> **WHAT YOU NEED TO DO**
Of the lines below, copy those that hold the word "subrr".

Collected data
□ □ □

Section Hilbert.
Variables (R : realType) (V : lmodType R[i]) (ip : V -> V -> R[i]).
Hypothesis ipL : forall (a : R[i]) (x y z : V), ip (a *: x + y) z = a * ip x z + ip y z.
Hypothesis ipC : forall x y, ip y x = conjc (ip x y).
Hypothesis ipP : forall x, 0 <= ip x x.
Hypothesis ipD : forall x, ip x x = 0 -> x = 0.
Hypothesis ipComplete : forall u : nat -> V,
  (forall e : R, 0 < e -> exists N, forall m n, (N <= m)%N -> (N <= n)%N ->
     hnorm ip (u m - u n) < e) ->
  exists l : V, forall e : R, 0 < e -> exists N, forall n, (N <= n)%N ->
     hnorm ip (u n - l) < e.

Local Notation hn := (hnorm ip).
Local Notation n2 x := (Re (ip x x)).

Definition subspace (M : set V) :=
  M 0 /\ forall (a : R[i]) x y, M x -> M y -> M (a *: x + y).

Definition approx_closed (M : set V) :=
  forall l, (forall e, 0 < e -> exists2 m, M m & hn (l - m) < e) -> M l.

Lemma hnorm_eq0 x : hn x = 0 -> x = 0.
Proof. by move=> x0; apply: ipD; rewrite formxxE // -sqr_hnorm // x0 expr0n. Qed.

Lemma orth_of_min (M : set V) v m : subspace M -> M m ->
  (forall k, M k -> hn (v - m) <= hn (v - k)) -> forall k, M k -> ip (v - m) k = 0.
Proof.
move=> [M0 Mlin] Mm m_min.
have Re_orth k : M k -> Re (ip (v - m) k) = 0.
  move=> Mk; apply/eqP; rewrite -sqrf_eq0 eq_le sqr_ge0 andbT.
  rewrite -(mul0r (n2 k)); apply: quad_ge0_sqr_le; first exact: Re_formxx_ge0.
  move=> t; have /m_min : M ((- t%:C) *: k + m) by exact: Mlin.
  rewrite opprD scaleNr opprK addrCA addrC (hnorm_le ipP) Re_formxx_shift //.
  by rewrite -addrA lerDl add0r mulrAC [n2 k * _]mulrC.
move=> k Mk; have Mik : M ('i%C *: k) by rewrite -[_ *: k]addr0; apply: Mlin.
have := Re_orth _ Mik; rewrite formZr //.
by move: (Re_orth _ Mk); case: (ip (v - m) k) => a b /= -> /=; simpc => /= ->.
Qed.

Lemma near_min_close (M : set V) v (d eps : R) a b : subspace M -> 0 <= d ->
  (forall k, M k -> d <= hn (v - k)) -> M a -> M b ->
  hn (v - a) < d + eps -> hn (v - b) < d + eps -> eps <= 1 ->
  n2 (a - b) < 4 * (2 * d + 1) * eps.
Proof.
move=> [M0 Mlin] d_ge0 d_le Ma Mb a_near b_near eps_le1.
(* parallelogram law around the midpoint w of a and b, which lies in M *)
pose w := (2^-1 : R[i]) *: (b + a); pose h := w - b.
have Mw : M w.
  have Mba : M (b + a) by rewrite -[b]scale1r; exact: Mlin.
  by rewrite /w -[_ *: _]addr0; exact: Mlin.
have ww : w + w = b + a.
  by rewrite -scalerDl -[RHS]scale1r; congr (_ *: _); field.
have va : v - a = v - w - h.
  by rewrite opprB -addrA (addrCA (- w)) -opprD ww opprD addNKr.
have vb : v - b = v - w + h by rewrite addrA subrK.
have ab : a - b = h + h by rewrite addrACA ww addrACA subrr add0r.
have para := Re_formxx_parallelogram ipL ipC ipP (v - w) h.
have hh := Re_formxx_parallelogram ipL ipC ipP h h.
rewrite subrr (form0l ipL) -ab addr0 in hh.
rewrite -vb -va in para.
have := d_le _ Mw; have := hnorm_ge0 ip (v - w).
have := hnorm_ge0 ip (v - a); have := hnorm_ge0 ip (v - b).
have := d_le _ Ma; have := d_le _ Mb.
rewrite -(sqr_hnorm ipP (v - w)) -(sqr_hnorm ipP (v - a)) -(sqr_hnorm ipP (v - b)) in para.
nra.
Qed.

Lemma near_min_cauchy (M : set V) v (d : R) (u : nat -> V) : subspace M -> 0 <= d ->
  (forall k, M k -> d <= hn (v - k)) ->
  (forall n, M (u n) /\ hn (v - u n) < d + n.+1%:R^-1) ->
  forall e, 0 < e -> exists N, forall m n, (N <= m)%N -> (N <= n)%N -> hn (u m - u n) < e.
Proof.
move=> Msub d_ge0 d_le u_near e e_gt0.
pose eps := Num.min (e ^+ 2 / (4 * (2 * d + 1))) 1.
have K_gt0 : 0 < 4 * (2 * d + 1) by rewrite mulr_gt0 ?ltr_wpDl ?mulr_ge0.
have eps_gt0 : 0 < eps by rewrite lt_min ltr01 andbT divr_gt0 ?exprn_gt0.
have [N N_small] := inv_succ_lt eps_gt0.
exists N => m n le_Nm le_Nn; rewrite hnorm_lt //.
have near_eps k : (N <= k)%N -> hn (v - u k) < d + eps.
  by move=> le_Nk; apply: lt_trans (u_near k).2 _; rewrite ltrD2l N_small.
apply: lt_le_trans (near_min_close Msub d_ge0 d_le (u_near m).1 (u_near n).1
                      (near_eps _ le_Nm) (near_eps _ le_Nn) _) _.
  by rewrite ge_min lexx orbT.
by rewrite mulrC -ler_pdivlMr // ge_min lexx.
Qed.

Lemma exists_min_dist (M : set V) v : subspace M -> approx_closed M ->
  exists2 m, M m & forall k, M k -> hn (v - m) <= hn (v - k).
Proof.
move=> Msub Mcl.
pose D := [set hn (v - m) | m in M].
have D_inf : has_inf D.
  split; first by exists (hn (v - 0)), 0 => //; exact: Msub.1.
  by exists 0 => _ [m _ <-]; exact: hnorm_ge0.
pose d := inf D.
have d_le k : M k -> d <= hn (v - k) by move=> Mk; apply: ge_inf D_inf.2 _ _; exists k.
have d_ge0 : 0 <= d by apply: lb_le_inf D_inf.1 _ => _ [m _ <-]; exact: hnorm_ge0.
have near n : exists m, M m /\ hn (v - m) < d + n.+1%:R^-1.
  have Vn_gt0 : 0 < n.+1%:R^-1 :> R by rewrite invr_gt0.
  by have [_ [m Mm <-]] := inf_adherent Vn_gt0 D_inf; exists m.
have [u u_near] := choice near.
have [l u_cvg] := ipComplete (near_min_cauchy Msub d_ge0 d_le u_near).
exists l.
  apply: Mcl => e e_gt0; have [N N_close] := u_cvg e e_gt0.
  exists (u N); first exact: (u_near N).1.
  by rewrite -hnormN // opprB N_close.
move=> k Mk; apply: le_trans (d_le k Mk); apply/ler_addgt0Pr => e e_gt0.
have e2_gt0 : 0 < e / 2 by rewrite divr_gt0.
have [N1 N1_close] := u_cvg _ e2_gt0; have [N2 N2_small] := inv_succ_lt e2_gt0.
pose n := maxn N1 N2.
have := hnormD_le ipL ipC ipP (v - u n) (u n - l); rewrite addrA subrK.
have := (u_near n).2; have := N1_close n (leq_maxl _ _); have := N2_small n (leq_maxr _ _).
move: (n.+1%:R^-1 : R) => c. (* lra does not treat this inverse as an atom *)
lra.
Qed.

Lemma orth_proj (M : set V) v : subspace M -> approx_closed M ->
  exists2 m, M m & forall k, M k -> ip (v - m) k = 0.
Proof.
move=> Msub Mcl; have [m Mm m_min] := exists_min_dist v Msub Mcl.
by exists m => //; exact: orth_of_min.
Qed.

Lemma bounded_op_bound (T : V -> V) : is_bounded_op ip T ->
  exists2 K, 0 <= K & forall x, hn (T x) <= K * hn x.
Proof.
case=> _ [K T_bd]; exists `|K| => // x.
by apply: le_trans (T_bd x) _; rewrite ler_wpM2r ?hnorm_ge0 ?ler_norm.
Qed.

□ □ □

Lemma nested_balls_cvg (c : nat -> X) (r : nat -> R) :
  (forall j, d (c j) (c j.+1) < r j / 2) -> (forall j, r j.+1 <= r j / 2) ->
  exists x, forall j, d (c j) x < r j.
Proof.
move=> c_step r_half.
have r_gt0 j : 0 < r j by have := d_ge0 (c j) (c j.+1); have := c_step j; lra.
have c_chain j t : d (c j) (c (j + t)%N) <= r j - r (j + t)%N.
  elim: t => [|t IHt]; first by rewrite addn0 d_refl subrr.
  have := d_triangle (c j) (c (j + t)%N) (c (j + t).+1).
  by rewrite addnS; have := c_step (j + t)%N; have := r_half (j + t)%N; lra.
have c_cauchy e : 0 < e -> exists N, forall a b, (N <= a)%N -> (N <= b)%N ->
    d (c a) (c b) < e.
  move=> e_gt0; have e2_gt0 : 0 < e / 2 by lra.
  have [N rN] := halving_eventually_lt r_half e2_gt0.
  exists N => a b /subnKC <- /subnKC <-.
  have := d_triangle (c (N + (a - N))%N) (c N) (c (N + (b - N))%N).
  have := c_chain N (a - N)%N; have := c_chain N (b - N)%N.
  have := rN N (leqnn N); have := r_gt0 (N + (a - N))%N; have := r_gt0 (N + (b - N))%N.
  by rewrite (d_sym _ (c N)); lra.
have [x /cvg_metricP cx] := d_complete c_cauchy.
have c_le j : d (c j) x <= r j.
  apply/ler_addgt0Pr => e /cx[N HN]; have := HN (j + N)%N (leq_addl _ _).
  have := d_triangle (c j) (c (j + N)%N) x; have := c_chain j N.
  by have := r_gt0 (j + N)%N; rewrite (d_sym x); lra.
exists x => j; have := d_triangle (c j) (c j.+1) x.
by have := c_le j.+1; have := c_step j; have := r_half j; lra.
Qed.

□ □ □

> **SOLUTION BELOW**
have ab : a - b = h + h by rewrite addrACA ww addrACA subrr add0r.
rewrite subrr (form0l ipL) -ab addr0 in hh.
  elim: t => [|t IHt]; first by rewrite addn0 d_refl subrr.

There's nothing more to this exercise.